アートの仕事は無限に広がる!
アートは、長い間学問の世界に封じ込められてきました。そのため、「美大を出ても仕事がない」という現実を、当然のことのように受け入れてきました。果たしてそれでいいのでしょうか。本当に仕事がないのでしょうか。
仕事は山ほどあるのです。では、なぜ・・・・・・。
正確に言えば、「仕事はあるけど会社(職)がない」のです。私は、今のアート制作会社を始めて以来、そのことを痛感してきました。アートは、量や質というモノサシでは計りにくい、便利性という面でもとらえにくい、という点でビジネスにしにくかったことは事実です。しかし、アートでいろいろな問題が解決したという事例を、私は自分の仕事でたくさん体験してきました。
例えば、「狭い空間があ広く見えるようになった」「人気のない通りや地下道が人通りが多くなった」「恐くて通れなかった通りが安心して通れるようになった」「落書きがなくなった」「店の集客がアップした」「店の評判がよくなった」・・・・などなど。それらは明らかに人々の問題を解決したり、企業に利益をもたらしたりと明らかに社会に貢献しているのです。同じ問題を解決するために、建築や内装、塗装、看板などの業者には仕事を依頼している。しかも、工事はやったが効果は見られないというケースが多い。ならば、アートでこれらの問題を解決したらビジネスになるはずですよね。なのに、そんな商売が日本では見当たらない。どうして?
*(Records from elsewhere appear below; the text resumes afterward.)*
(* Let $S$ be a finitely generated submonoid of $\mathbb N^d$ that has a Frobenius element $\mathbf f$ and is irreducible. Then either $\mathrm{PF}(S)=\{\mathbf f\}$ or $\mathrm{PF}(S)=\{\mathbf f,\mathbf f/2\}$.
   Context: $\mathrm{pos}(S)$ is the rational cone generated by $S$ (nonnegative rational combinations of its generators), $\mathcal H(S)=(\mathrm{pos}(S)\setminus S)\cap\mathbb N^d$, and $\mathrm{PF}(S)=\{\mathbf a\in\mathcal H(S):\mathbf a+(S\setminus\{0\})\subseteq S\}$. A term order on $\mathbb N^d$ is a total order compatible with addition with $0$ least; $\mathbf f\in\mathcal H(S)$ is a Frobenius element if $\mathbf f=\max_\prec\mathcal H(S)$ for some term order $\prec$. $S$ is irreducible if it cannot be expressed as the intersection of two submonoids of $\mathbb N^d$ each containing it properly. *)

From mathcomp Require Import all_boot all_order all_algebra.
Set Implicit Arguments. Unset Strict Implicit. Unset Printing Implicit Defensive.
Import Order.TTheory GRing.Theory Num.Theory.

Definition vec (d : nat) := {ffun 'I_d -> nat}.
Definition vzero (d : nat) : vec d := [ffun => 0%N].
Definition vadd (d : nat) (a b : vec d) : vec d := [ffun i => (a i + b i)%N].

Definition submonoid (d : nat) (S : vec d -> Prop) : Prop :=
  S (vzero d) /\ forall a b, S a -> S b -> S (vadd a b).

Definition fin_gen (d : nat) (S : vec d -> Prop) : Prop :=
  exists (n : nat) (g : 'I_n -> vec d),
    forall x, S x <-> exists c : 'I_n -> nat,
      forall j, x j = (\sum_(i < n) c i * g i j)%N.

Definition in_pos (d : nat) (S : vec d -> Prop) (x : vec d) : Prop :=
  exists (n : nat) (s : 'I_n -> vec d) (q : 'I_n -> rat),
    (forall i, S (s i)) /\ (forall i, 0 <= q i)%R /\
    forall j, ((x j)%:R = \sum_(i < n) q i * (s i j)%:R)%R.

Definition holes (d : nat) (S : vec d -> Prop) (x : vec d) : Prop :=
  in_pos S x /\ ~ S x.

Definition PF (d : nat) (S : vec d -> Prop) (a : vec d) : Prop :=
  holes S a /\ forall s, S s -> s <> vzero d -> S (vadd a s).

(* Term order (given as its reflexive version "le"): total order on N^d,
   compatible with addition, with 0 least. *)
Definition term_order (d : nat) (le : vec d -> vec d -> Prop) : Prop :=
  (forall a, le a a) /\
  (forall a b, le a b -> le b a -> a = b) /\
  (forall a b c, le a b -> le b c -> le a c) /\
  (forall a b, le a b \/ le b a) /\
  (forall a b c, le a b -> le (vadd a c) (vadd b c)) /\
  (forall a, le (vzero d) a).

Definition frobenius_elt (d : nat) (S : vec d -> Prop) (f : vec d) : Prop :=
  exists le, term_order le /\ holes S f /\ forall h, holes S h -> le h f.

Definition irreducible_monoid (d : nat) (S : vec d -> Prop) : Prop :=
  forall T1 T2 : vec d -> Prop, submonoid T1 -> submonoid T2 ->
    (forall x, S x <-> T1 x /\ T2 x) ->
    (forall x, T1 x -> S x) \/ (forall x, T2 x -> S x).

From mathcomp Require Import all_boot all_order all_algebra.
From mathcomp Require Import zify.
From Stdlib Require Import Classical.
Import Order.TTheory GRing.Theory Num.Theory.
Set Implicit Arguments. Unset Strict Implicit. Unset Printing Implicit Defensive.

(* Since f is the largest hole for a term order, f + c lies in S for every
   nonzero c in pos(S); hence f is pseudo-Frobenius and 2f is in S, so that
   S ∪ {f} is a monoid.  If a ∉ S satisfies a + (S \ {0}) ⊆ S, then S ∪ ℕ_{>0}a
   is a monoid too, and irreducibility makes the two extensions meet outside S:
   f = k a with k > 0.  For a pseudo-Frobenius g ≠ f this gives f = k g with
   k ≥ 2; the element (k-1) g is again outside S and absorbs S \ {0}, so
   f = m (k-1) g, i.e. k = m (k-1), which forces k = 2. *)

Definition vscale (d k : nat) (x : vec d) : vec d := [ffun i => k * x i]%N.

Section VectorArithmetic.
Variable d : nat.
Implicit Types (a b c x : vec d) (k m : nat).

(* Unlike [ffunP], this elaborates [a i] as in the statements below, so [lia]
   sees the same atoms in hypotheses and goals. *)
Lemma vecP a b : (forall i : 'I_d, a i = b i) <-> a = b.
Proof. by split=> [ab | -> //]; apply/ffunP. Qed.

Lemma vadd0 x : vadd (vzero d) x = x.
Proof. by apply/ffunP => i; rewrite !ffunE. Qed.

Lemma vaddC a b : vadd a b = vadd b a.
Proof. by apply/ffunP => i; rewrite !ffunE addnC. Qed.

Lemma vaddA a b c : vadd a (vadd b c) = vadd (vadd a b) c.
Proof. by apply/ffunP => i; rewrite !ffunE addnA. Qed.

Lemma vadd_neq0 a b : b <> vzero d -> vadd a b <> vzero d.
Proof.
move=> b0 ab0; apply: b0; apply/vecP => i.
by move/vecP/(_ i): ab0; rewrite !ffunE; lia.
Qed.

Lemma vaddI a c : vadd a c = a -> c = vzero d.
Proof. by move/vecP=> ac; apply/vecP => i; move: (ac i); rewrite !ffunE; lia. Qed.

Lemma vadd_double_inj a b : vadd a a = vadd b b -> a = b.
Proof. by move/vecP=> ab; apply/vecP => i; move: (ab i); rewrite !ffunE; lia. Qed.

Lemma vscale1 x : vscale 1 x = x.
Proof. by apply/ffunP => i; rewrite !ffunE mul1n. Qed.

Lemma vscale2 x : vscale 2 x = vadd x x.
Proof. by apply/ffunP => i; rewrite !ffunE mul2n addnn. Qed.

Lemma vscale0 x : vscale 0 x = vzero d.
Proof. by apply/ffunP => i; rewrite !ffunE. Qed.

Lemma vscaleS k x : vscale k.+1 x = vadd x (vscale k x).
Proof. by apply/ffunP => i; rewrite !ffunE mulSn. Qed.

Lemma vscaleD k m x : vscale (k + m) x = vadd (vscale k x) (vscale m x).
Proof. by apply/ffunP => i; rewrite !ffunE mulnDl. Qed.

Lemma vscaleA k m x : vscale k (vscale m x) = vscale (k * m) x.
Proof. by apply/ffunP => i; rewrite !ffunE mulnA. Qed.

Lemma vscale_inj x : x <> vzero d -> injective (fun k => vscale k x).
Proof.
move=> x0 k m /vecP km; case: (pickP (fun i => x i != 0%N)) => [i xi0 | x_eq0].
  by move: (km i); rewrite !ffunE; move/eqP: xi0; nia.
by case: x0; apply/vecP => i; move/negbFE/eqP: (x_eq0 i); rewrite ffunE.
Qed.

Lemma vscale_neq0 k x : (0 < k)%N -> x <> vzero d -> vscale k x <> vzero d.
Proof. by move=> k0 x0; rewrite -(vscale0 x) => /(vscale_inj x0); lia. Qed.

End VectorArithmetic.

Lemma term_order_max_add d (le : vec d -> vec d -> Prop) (P : vec d -> Prop) f c :
  term_order le -> (forall h, P h -> le h f) -> P (vadd f c) -> c = vzero d.
Proof.
move=> [_ [le_anti [_ [_ [leD le0]]]]] f_max Pfc; apply: (@vaddI d f).
apply: le_anti; first exact: f_max.
by have := leD _ _ f (le0 c); rewrite vadd0 vaddC.
Qed.

Lemma in_posS d (S : vec d -> Prop) s : S s -> in_pos S s.
Proof.
move=> Ss; exists 1%N, (fun _ => s), (fun _ => 1%R); split=> [_ // | ]; split=> [_ // | j].
by rewrite big_ord1 mul1r.
Qed.

Lemma in_posD d (S : vec d -> Prop) x y :
  in_pos S x -> in_pos S y -> in_pos S (vadd x y).
Proof.
move=> [n1 [s1 [q1 [S1 [q1_ge0 x_def]]]]] [n2 [s2 [q2 [S2 [q2_ge0 y_def]]]]].
exists (n1 + n2)%N, (fun i => match split i with inl a => s1 a | inr b => s2 b end),
  (fun i => match split i with inl a => q1 a | inr b => q2 b end).
split=> [i | ]; first by case: (split i).
split=> [i | j]; first by case: (split i).
rewrite big_split_ord ffunE natrD x_def y_def.
by congr (_ + _)%R; apply: eq_bigr => i _; rewrite ?(unsplitK (inl _)) ?(unsplitK (inr _)).
Qed.

Section Extensions.
Variables (d : nat) (S : vec d -> Prop).
Hypothesis S_monoid : submonoid S.

Definition shifts_into (a : vec d) : Prop :=
  forall s, S s -> s <> vzero d -> S (vadd a s).

Lemma shifts_intoD a b : shifts_into a -> shifts_into b -> shifts_into (vadd a b).
Proof.
by move=> sa sb s Ss s0; rewrite -vaddA; apply: sa; [apply: sb | apply: vadd_neq0].
Qed.

Lemma shifts_intoZ k a : shifts_into a -> shifts_into (vscale k a).
Proof.
move=> sa; elim: k => [|k IHk]; last by rewrite vscaleS; apply: shifts_intoD.
by move=> s Ss _; rewrite vscale0 vadd0.
Qed.

Lemma submonoid_adjoin (A : vec d -> Prop) :
  (forall a, A a -> shifts_into a) ->
  (forall a b, A a -> A b -> S (vadd a b) \/ A (vadd a b)) ->
  submonoid (fun x => S x \/ A x).
Proof.
case: S_monoid => S0 SD A_shifts AD.
have SA x a : S x -> A a -> S (vadd a x) \/ A (vadd a x).
  move=> Sx Aa; case: (classic (x = vzero d)) => [-> | x0].
    by right; rewrite vaddC vadd0.
  by left; apply: A_shifts.
split=> [|x y [Sx | Ax] [Sy | Ay]]; first by left.
- by left; apply: SD.
- by rewrite vaddC; apply: SA.
- exact: SA.
- exact: AD.
Qed.

Lemma submonoid_adjoin1 a :
  shifts_into a -> S (vadd a a) -> submonoid (fun x => S x \/ x = a).
Proof. by move=> sa Saa; apply: submonoid_adjoin => [_ -> | _ _ -> ->]; [|left]. Qed.

Lemma submonoid_adjoin_multiples a : shifts_into a ->
  submonoid (fun x => S x \/ exists2 k, (0 < k)%N & x = vscale k a).
Proof.
move=> sa; apply: submonoid_adjoin => [_ [k _ ->] | _ _ [k k0 ->] [m _ ->]].
  exact: shifts_intoZ.
by right; exists (k + m)%N; rewrite ?vscaleD //; lia.
Qed.

Lemma irreducible_adjoin1 (T : vec d -> Prop) a :
  irreducible_monoid S -> submonoid (fun x => S x \/ x = a) -> ~ S a ->
  submonoid T -> (forall x, S x -> T x) -> (exists2 y, T y & ~ S y) -> T a.
Proof.
move=> S_irr Sa_monoid Sa T_monoid ST [y Ty Sy]; apply: NNPP => Ta.
have S_meet x : S x <-> (S x \/ x = a) /\ T x.
  by split=> [Sx | [[Sx | ->] Tx]] //; split; [left | apply: ST].
by case: (S_irr _ _ Sa_monoid T_monoid S_meet) => [/(_ a) | /(_ y)]; auto.
Qed.

End Extensions.

Section IrreducibleFrobenius.
Variables (d : nat) (S : vec d -> Prop) (f : vec d).
Hypotheses (S_monoid : submonoid S) (S_irr : irreducible_monoid S).
Hypothesis f_hole : holes S f.
Hypothesis no_hole_above : forall c, c <> vzero d -> ~ holes S (vadd f c).

Lemma mem_above_frobenius c : in_pos S c -> c <> vzero d -> S (vadd f c).
Proof.
move=> c_pos c0; apply: NNPP => Sfc; apply: (no_hole_above c0); split=> //.
by apply: in_posD => //; case: f_hole.
Qed.

Lemma frobenius_neq0 : f <> vzero d.
Proof. by move=> f0; case: f_hole => _; rewrite f0; case: S_monoid. Qed.

Lemma PF_frobenius : PF S f.
Proof. by split=> // s Ss s0; apply: mem_above_frobenius; first exact: in_posS. Qed.

Lemma frobenius_multiple a :
  shifts_into S a -> ~ S a -> exists2 k, (0 < k)%N & f = vscale k a.
Proof.
move=> sa Sa; have [f_pos Sf] := f_hole.
have Sf_monoid : submonoid (fun x => S x \/ x = f).
  apply: submonoid_adjoin1 => //; first exact: PF_frobenius.2.
  exact: mem_above_frobenius f_pos frobenius_neq0.
have a_multiple : S a \/ exists2 k, (0 < k)%N & a = vscale k a.
  by right; exists 1%N; rewrite ?vscale1.
have [//|[k k0 fk]] := irreducible_adjoin1 S_irr Sf_monoid Sf
  (submonoid_adjoin_multiples S_monoid sa) (fun x Sx => or_introl Sx)
  (ex_intro2 _ _ a a_multiple Sa).
by exists k.
Qed.

Lemma PF_double g : PF S g -> g <> f -> vadd g g = f.
Proof.
move=> [[_ Sg] sg] gf; have [f_pos Sf] := f_hole.
have g0 : g <> vzero d by move=> g0; apply: Sg; rewrite g0; case: S_monoid.
have [k k0 fk] := frobenius_multiple sg Sg.
have k1 : k <> 1%N by move=> k1; apply: gf; rewrite fk k1 vscale1.
have Sk1g : ~ S (vscale k.-1 g).
  move=> Sk1g; apply: Sf; rewrite fk -(ltn_predK k0) vscaleS.
  by apply: sg => //; apply: vscale_neq0 => //; lia.
have [m _ fm] := frobenius_multiple (shifts_intoZ k.-1 sg) Sk1g.
have k_eq : k = (m * k.-1)%N by apply: (vscale_inj g0); rewrite -fk fm vscaleA.
have k2 : k = 2%N by move: k_eq; case: m {fm} => [|[|m]]; nia.
by rewrite fk k2 vscale2.
Qed.

End IrreducibleFrobenius.

Theorem theorem4p3 (d : nat) (S : vec d -> Prop) (f : vec d) :
  submonoid S -> fin_gen S -> frobenius_elt S f -> irreducible_monoid S ->
  (forall a, PF S a <-> a = f) \/
  (exists g : vec d, vadd g g = f /\ forall a, PF S a <-> a = f \/ a = g).
Proof.
move=> S_monoid _ [le [le_order [f_hole f_max]]] S_irr.
have no_hole_above c : c <> vzero d -> ~ holes S (vadd f c).
  by move=> c0 /(term_order_max_add le_order f_max).
have PF_half := PF_double S_monoid S_irr f_hole no_hole_above.
have PFf := PF_frobenius f_hole no_hole_above.
case: (classic (exists2 g, PF S g & g <> f)) => [[g PFg gf] | PF_f_only].
- right; exists g; split=> [|a]; first exact: PF_half.
  split=> [PFa | [-> | ->]] //; case: (classic (a = f)) => [| af]; [by left | right].
  by apply: vadd_double_inj; rewrite !PF_half.
- left=> a; split=> [PFa | ->] //; apply: NNPP => af.
  by apply: PF_f_only; exists a.
Qed.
ビッグアートでは8年前からこのことに着目して、アートが社会に役立ち、多くのアートを志す若者たちが活躍する状況が作れないかと、孤軍奮闘してきました。しかしながら、零細企業一社だけが騒いでもしょせん微力。頭の堅い先輩の芸術家たち。保守的な美大などの学校。特に、美術評論家や美大の教授陣は最も大きな抵抗勢力となっています。彼らは、アートの芸術性、学問性のみを唱えて、アートを社会のために有効活用することになかなか関心を持とうとしません。美大の存在意義が問われます。
もう一つ問題があります。それは、アートが細かに分類されていて、それぞれが縦割りになっていて、それぞれの間に大きな垣根があるということです。油彩とか水彩とか日本画とかのように・・・・・。何かを表現するのに、特定の表現手法にとらわれる必要があるのでしょうか。勿論、ひとつの手法を極めるというのもあっていいと思いますが。ここで、大きな発想の転換が必要だと思います。作り手志向から客志向(目的志向)への転換です。仕事としてのアートは、自分が主役ではなく、「お客様の問題を解決すること」「お客様をよろこばせる」ことが目的ですから。だとすれば、アートの分類や手法などどうでもいいことです。アートの分類の垣根を超えて、自由な発想で創作やデザインをしていく。
ビッグアートは、もともと壁画制作会社としてスタートしましたが、お客様の立場で仕事をしていくうちに、だんだんコンセプトが変わってきました。今は、壁画、オブジェ、デザイン塗装を組み合わせた空間づくりを行なっています。
まだ、自分の会社のコンセプトを一言でうまく言い当てる言葉がみつかりません。「建物や空間の美容師」というのが今のところ一番近いでしょうか。建物の欠陥や問題を、その個性を生かしながらアートでメイクアップして、チャーミングにしていくこと。「空間演出アート」という新しい切り口で、新しいアートの仕事を切り開きたいと思っています。にそのためには、壁画やオブジェ、デザイン塗装のみならず、光や音、香りにも挑戦したいと思います。
ビッグアートの試みは、アートを仕事にしていくための単なる一例に過ぎません。アートをアートとしてしか見ないのではなく、アートを活用して人のために役立つという視点にたてば、まだまだたくさんのビジネスが生まれることでしょう。実際、私の頭の中には次々と面白いアイデアが浮かんできます。「アートのビジネス化」。これこそが美大を始め、我々が今すぐに取り組まなければいけない課題だと声を大にして言いたいです。既存業界での閉塞感、過剰な競争も、既成概念にとらわれて、人と同じことばかりやってきた結果です。人と違うこと、自社にしかできないことから独自のビジネスを開発していけば、アートは大きな産業に発展するでしょう。店づくり、まちづくり、マンションや家づくりの分野で、「個性」「感性」「異空間」などというキーワードがテーマになっています。まさに、「五感産業時代」の幕開けです。
今アートを志している若者たちに伝えたい。今、社会はアートやデザインを強く求めています。ただ、今の日本ではまだそれに応える会社がほとんど存在していないだけです。では、社会が変わるまで待ちますか。待っても来ないかも知れません。行きたい会社が存在しないなら、新たに創るしかないですよね。
自分のためにアートをやりたい人ではなく、人のためにアートで役に立ちたいと思う人、私たちと一緒に道を切り開いていきませんか。